Big-box gym Planet Fitness said Monday it would now stream daily 20-minute workouts that don’t require equipment at home via its Facebook page. Equinox said it closed New York, New Jersey and Connecticut gym locations on Monday along with fitness company, Peloton which shuttered its studios and in-store operations. The company will only stream live workouts and continue selling its bikes and treadmills online. And last week, competitor SoulCycle released its stationary bike for at-home riders to stream cycling classes on-demand via its program Variis.
Analysts note that consumers’ desire to stay connected to others through live workouts even when exercising remotely is key to driving up demand for virtual fitness.
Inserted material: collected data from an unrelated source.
Lemma separated_size_le (rho : R) (t : seq nat) (x : nat -> pt) :
  0 < rho -> 2 * rho <= e0 -> uniq t -> (forall j, j \in t -> F (x j)) ->
  (forall i j, i \in t -> j \in t -> i <> j -> 2 * rho <= edist (x i) (x j)) ->
  (size t)%:R * (2 * rho) `^ al <= 1.
Proof.
move=> rho0 rho_le uniq_t xF sep.
have pack : is_packing true e0 F [set` t] x (fun _ => rho).
  split => //; split; first by move=> i _; rewrite diam_eball.
  split => // i j /= it jt ij; apply/seteqP; split => // y [].
  rewrite /eball /= => yi yj.
  have := sep i j it jt ij; have := edist_triangle (x i) y (x j).
  by rewrite (edist_sym y); lra.
have esum_le : (\esum_(i in [set` t]) ((diam (eball (x i) rho)) `^ al)%:E
                 <= Peps true al e0 F)%E.
  by apply: ereal_sup_ubound; exists [set` t], x, (fun _ => rho).
have := le_lt_trans esum_le Peps_lt1.
rewrite esum_fset; [|exact: finite_seq|by move=> i _; rewrite lee_fin powR_ge0].
rewrite -fsbig_seq // sumEFin lte_fin.
under eq_bigr => i _ do rewrite diam_eball //.
by rewrite big_const_seq count_predT iter_addr_0 => lt1; rewrite mulr_natl ltW.
Qed.

(* a maximal [2 rho]-separated subfamily of the points [x i] is a centred packing,
   and each of its points is close to at most [K] of the disjoint balls *)
Lemma bucket_size_le (rho : R) (s : seq nat) (c x : nat -> pt) (r : nat -> R) :
  0 < rho -> 2 * rho <= e0 -> uniq s ->
  (forall i j, i \in s -> j \in s -> i <> j -> eball (c i) (r i) `&` eball (c j) (r j) = set0) ->
  (forall i, i \in s -> [/\ rho / 2 < r i, r i <= rho, F (x i) & edist (c i) (x i) < r i]) ->
  (size s)%:R * (2 * rho) `^ al <= K.
Proof.
move=> rho0 rho_le uniq_s disj hs.
pose near i j := edist (x i) (x j) < 2 * rho.
have near_sym : symmetric near by move=> i j; rewrite /near edist_sym.
have near_refl : reflexive near by move=> i; rewrite /near edistxx mulr_gt0.
have [t [uniq_t sub_t far_t cover_t]] := greedy_net near_sym near_refl uniq_s.
have size_s : (size s <= size t * (12 * n).+1 ^ n)%N.
  apply: (size_le_cover cover_t) => j jt; rewrite -size_filter.
  apply: (@size_disjoint_eballs_near _ _ _ c (rho / 2) (x j)) => //.
  - exact: divr_gt0.
  - exact: filter_uniq.
  - move=> i i'; rewrite !mem_filter => /andP[_ is_] /andP[_ is'] ii'.
    apply/seteqP; split => // y []; rewrite /eball /= => yi yi'.
    have [ri _ _ _] := hs i is_; have [ri' _ _ _] := hs i' is'.
    have /seteqP[/(_ y) y_notin _] := disj i i' is_ is' ii'.
    by apply: y_notin; split; rewrite /eball /=; lra.
  - move=> i; rewrite mem_filter => /andP[near_ij is_]; have [_ ri _ xi] := hs i is_.
    by have := edist_triangle (c i) (x i) (x j); rewrite /near in near_ij; lra.
have t_le : (size t)%:R * (2 * rho) `^ al <= 1.
  apply: (@separated_size_le _ t x) => //.
    by move=> j jt; have [_ _ xF _] := hs j (sub_t j jt).
  by move=> i j it jt ij; rewrite leNgt; exact: far_t.
apply: le_trans (_ : (size t * (12 * n).+1 ^ n)%:R * (2 * rho) `^ al <= K).
  by rewrite ler_wpM2r ?powR_ge0 // ler_nat.
rewrite natrM -/K mulrAC -[X in _ <= X]mul1r ler_wpM2r //.
Qed.

Lemma bucket_sum_le (be w : R) (s : seq nat) (c x : nat -> pt) (r : nat -> R)
    (P := fun i => (w / 4 < r i) && (r i <= w / 2)) :
  al <= be -> 0 < w -> w <= e0 -> uniq s ->
  (forall i j, i \in s -> j \in s -> i <> j -> eball (c i) (r i) `&` eball (c j) (r j) = set0) ->
  (forall i, i \in s -> F (x i) /\ edist (c i) (x i) < r i) ->
  (count P s)%:R * w `^ be <= K * w `^ (be - al).
Proof.
move=> al_le w0 w_le uniq_s disj hs.
have -> : w `^ be = w `^ (be - al) * w `^ al.
  by rewrite -powRD ?(gt_eqF w0) ?implybT // subrK.
rewrite mulrCA [K * _]mulrC ler_wpM2l ?powR_ge0 // -size_filter.
have := @bucket_size_le (w / 2) [seq i <- s | P i] c x r.
rewrite (_ : 2 * (w / 2) = w); last by field.
apply => //.
- exact: divr_gt0.
- exact: filter_uniq.
- by move=> i j; rewrite !mem_filter => /andP[_ is_] /andP[_ js]; exact: disj.
- move=> i; rewrite mem_filter => /andP[/andP[r1 r2] is_]; have [xF xi] := hs i is_.
  by split => //; rewrite (_ : w / 2 / 2 = w / 4) //; field.
Qed.

(* sort the balls into the dyadic classes [w_k / 4 < r <= w_k / 2], [w_k = e 2^-k] *)
Lemma uncentered_sum_le (be e : R) (s : seq nat) (c x : nat -> pt) (r : nat -> R) :
  al < be -> 0 < e -> e <= e0 -> uniq s ->
  (forall i j, i \in s -> j \in s -> i <> j -> eball (c i) (r i) `&` eball (c j) (r j) = set0) ->
  (forall i, i \in s -> [/\ 0 < r i, 2 * r i <= e, F (x i) & edist (c i) (x i) < r i]) ->
  \sum_(i <- s) diam (eball (c i) (r i)) `^ be <= K * e `^ (be - al) / (1 - 2^-1 `^ (be - al)).
Proof.
move=> al_lt e_gt0 e_le uniq_s disj hs.
have be_ge0 : 0 <= be by apply: le_trans al_ge0 (ltW al_lt).
set g := be - al; have g_gt0 : 0 < g by rewrite subr_gt0.
pose w k := e * 2^-1 ^+ k.
have w_gt0 k : 0 < w k by rewrite mulr_gt0 // exprn_gt0 // invr_gt0.
have w_le k : w k <= e0.
  apply: le_trans e_le; rewrite -[X in _ <= X]mulr1; apply: ler_wpM2l; first exact: ltW.
  by rewrite exprn_ile1 ?invr_ge0 ?invf_le1 ?ler1n.
pose P k i := (w k / 4 < r i) && (r i <= w k / 2).
have [N bucket] : exists N, forall i, i \in s -> exists2 k, (k < N)%N & P k i.
  apply: bounded_witnesses => i is_; have [r0 re _ _] := hs i is_.
  have [|k [k1 k2]] := dyadic_bucket e_gt0 r0 (_ : r i <= e / 2); first lra.
  by exists k; apply/andP.
have sum_le : \sum_(i <- s) diam (eball (c i) (r i)) `^ be <=
    \sum_(i <- s) \sum_(k < N) (P k i)%:R * w k `^ be.
  rewrite big_seq [X in _ <= X]big_seq; apply: ler_sum => i is_.
  have [k kN Pki] := bucket i is_; have [r0 _ _ _] := hs i is_.
  rewrite (bigD1 (Ordinal kN)) //= Pki mul1r ler_wpDr ?sumr_ge0 //.
    by move=> j _; rewrite mulr_ge0 ?powR_ge0.
  rewrite diam_eball //; apply: ge0_ler_powR; rewrite ?nnegrE //.
  - by rewrite mulr_ge0 // ltW.
  - exact: ltW (w_gt0 k).
  - by move/andP: Pki => [_ ?]; lra.
apply: (le_trans sum_le); rewrite exchange_big /=.
under eq_bigr => k _ do rewrite sumr_nat_count.
have bucket_le k : (count (P k) s)%:R * w k `^ be <= K * w k `^ g.
  apply: (@bucket_sum_le be (w k) s c x r) => //; first exact: ltW.
  by move=> i is_; have [_ _ ? ?] := hs i is_.
apply: le_trans (ler_sum _ (fun (k : 'I_N) _ => bucket_le k)) _.
rewrite -mulr_sumr -mulrA ler_wpM2l //.
under eq_bigr => k _ do rewrite (powR_mul_halfX _ _ (ltW e_gt0)).
by rewrite -mulr_sumr ler_wpM2l ?powR_ge0 // geometric_sum_le // powR_ge0 halfpowR_lt1.
Qed.

Lemma Peps_uncentered_le (be e : R) : al < be -> 0 < e -> e <= e0 ->
  (Peps false be e F <= (K * e `^ (be - al) / (1 - 2^-1 `^ (be - al)))%:E)%E.
Proof.
move=> al_lt e_gt0 e_le.
apply/ereal_supP => _ [I [c [r [[r_gt0 [diam_le [disj meet]]] ->]]]].
have /choice[x hx] : forall i, exists y, I i -> eball (c i) (r i) y /\ F y.
  move=> i; have [Ii|notIi] := pselect (I i); last by exists (c i).
  by have [y yAF] := meet i Ii; exists y.
rewrite /esum; apply/ereal_supP => _ [A [finA AI] <-].
rewrite fsbig_finite // sumEFin lee_fin.
have A_I i : i \in finmap.enum_fset (fset_set A) -> I i.
  by rewrite in_fset_set // => /set_mem; exact: AI.
apply: (@uncentered_sum_le be e _ c x r) => //.
- exact: finmap.fset_uniq.
- by move=> i j iA jA; apply: disj; exact: A_I.
- move=> i /A_I Ii; have [xi xF] := hx i Ii.
  split => //; first exact: r_gt0.
  by rewrite -(diam_eball (c i) n_gt0 (r_gt0 i Ii)); exact: diam_le.
Qed.

End UncenteredBound.

Lemma P0_uncentered_dim0 (R : realType) (n : nat) (be : R) (F : set 'rV[R]_n) :
  n = 0%N -> 0 < be -> P0 false be F = 0%E.
Proof.
move=> n0 be_gt0; apply/eqP; rewrite eq_le P0_ge0 andbT.
apply: le_trans (P0_le_Peps _ _ _ ltr01) _.
apply/ereal_supP => _ [I [c [r [[r_gt0 _] ->]]]].
by rewrite esum1 // => i Ii; rewrite diam_eball_dim0 ?r_gt0 // powR0 ?gt_eqF.
Qed.

Lemma P0_uncentered_eq0 (R : realType) (n : nat) (al be : R) (F : set 'rV[R]_n) :
  0 <= al -> al < be -> (P0 true al F < 1)%E -> P0 false be F = 0%E.
Proof.
move=> al_ge0 al_lt P0_lt1.
have [n0|n_gt0] := posnP n; first by apply: P0_uncentered_dim0 => //; exact: le_lt_trans al_lt.
have [e0 e0_gt0 Peps_lt1] := P0_lt_Peps P0_lt1.
apply/eqP; rewrite eq_le P0_ge0 andbT; apply/lee_addgt0Pr => d d_gt0; rewrite add0e.
set g := be - al; have g_gt0 : 0 < g by rewrite subr_gt0.
set C := ((12 * n).+1 ^ n)%:R / (1 - 2^-1 `^ g).
have C_gt0 : 0 < C by rewrite divr_gt0 ?ltr0n ?expn_gt0 // subr_gt0 halfpowR_lt1.
set t := (d / C) `^ g^-1; have t_gt0 : 0 < t by rewrite powR_gt0 // divr_gt0.
set e := Num.min e0 t; have e_gt0 : 0 < e by rewrite lt_min e0_gt0 t_gt0.
have e_le : e <= e0 by rewrite ge_min lexx.
apply: le_trans (P0_le_Peps _ _ _ e_gt0) _.
apply: le_trans (Peps_uncentered_le n_gt0 al_ge0 Peps_lt1 al_lt e_gt0 e_le) _.
have e_pow_le : e `^ g <= d / C.
  have -> : d / C = t `^ g.
    by rewrite -powRrM mulVf ?gt_eqF // powRr1 // divr_ge0 // ltW.
  by apply: ge0_ler_powR; rewrite ?nnegrE ?ge_min ?lexx ?orbT // ltW.
rewrite lee_fin -/g mulrAC -/C.
apply: le_trans (ler_wpM2l (ltW C_gt0) e_pow_le) _.
by rewrite mulrC divfK ?gt_eqF.
Qed.

Lemma Pmeas_uncentered_eq0 (R : realType) (n : nat) (al be : R) (E : set 'rV[R]_n) :
  0 <= al -> al < be -> Pmeas true al E = 0%E -> Pmeas false be E = 0%E.
Proof.
move=> al_ge0 al_lt Pmeas0.
have /ereal_inf_lt[_ [F [cover ->]] sum_lt1] : (Pmeas true al E < 1)%E by rewrite Pmeas0 lte01.
apply/eqP; rewrite eq_le Pmeas_ge0 andbT.
apply: ge_ereal_inf; exists 0%E => //; exists F; split => //.
rewrite eseries0 // => j _ _; apply: (P0_uncentered_eq0 al_ge0 al_lt).
apply: le_lt_trans sum_lt1.
apply: le_trans (@nneseries_lim_ge _ _ xpredT 0 j.+1 _); last by move=> i _ _; exact: P0_ge0.
by rewrite big_nat_recr //= leeDr // sume_ge0 // => i _; exact: P0_ge0.
Qed.

Theorem corollary1 (R : realType) (n : nat) (E : set 'rV[R]_n) :
  dimP_unc E = dimP E.
Proof.
apply/eqP; rewrite eq_le; apply/andP; split; apply/ereal_infP => _ [a [a_ge0 Pa0] <-].
- apply/lee_addgt0Pr => e e_gt0; rewrite -EFinD; apply: ereal_inf_lbound.
  exists (a + e); last by [].
  split; first by rewrite addr_ge0 // ltW.
  by apply: (Pmeas_uncentered_eq0 a_ge0 _ Pa0); rewrite ltrDl.
- apply: ereal_inf_lbound; exists a; last by [].
  split; first exact: a_ge0.
  by apply/eqP; rewrite eq_le Pmeas_ge0 andbT -Pa0 Pmeas_centered_le.
Qed.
“Having a combination of live and archived workouts is a key differentiator for Peloton,” said Paul Golding, U.S. lifestyle analyst at investment bank Macquarie Group. “The live classes — even on their treadmills and bikes — have the community feature and sense of immersion, despite being virtual, that makes you feel like you’re not just working out at home. You’re connected with a whole network of people trying to reach a same goal. From a consumer preference, the flexibility of live and on-demand is key for this.”
As fitness programs have become more and more digitized, consumers seem to be prioritizing working out at home or outside with fitness trackers more often, even before the coronavirus pandemic occurred. Market research firm Euromonitor International surveyed 15,301 participants this year, asking them which types of exercise they typically do. Thirty-six percent said they work out at home, while just 12.75 percent surveyed said they do a group fitness class. Hiking and walking were the No. 1 exercise with 53 percent of participants saying it’s their preferred workout.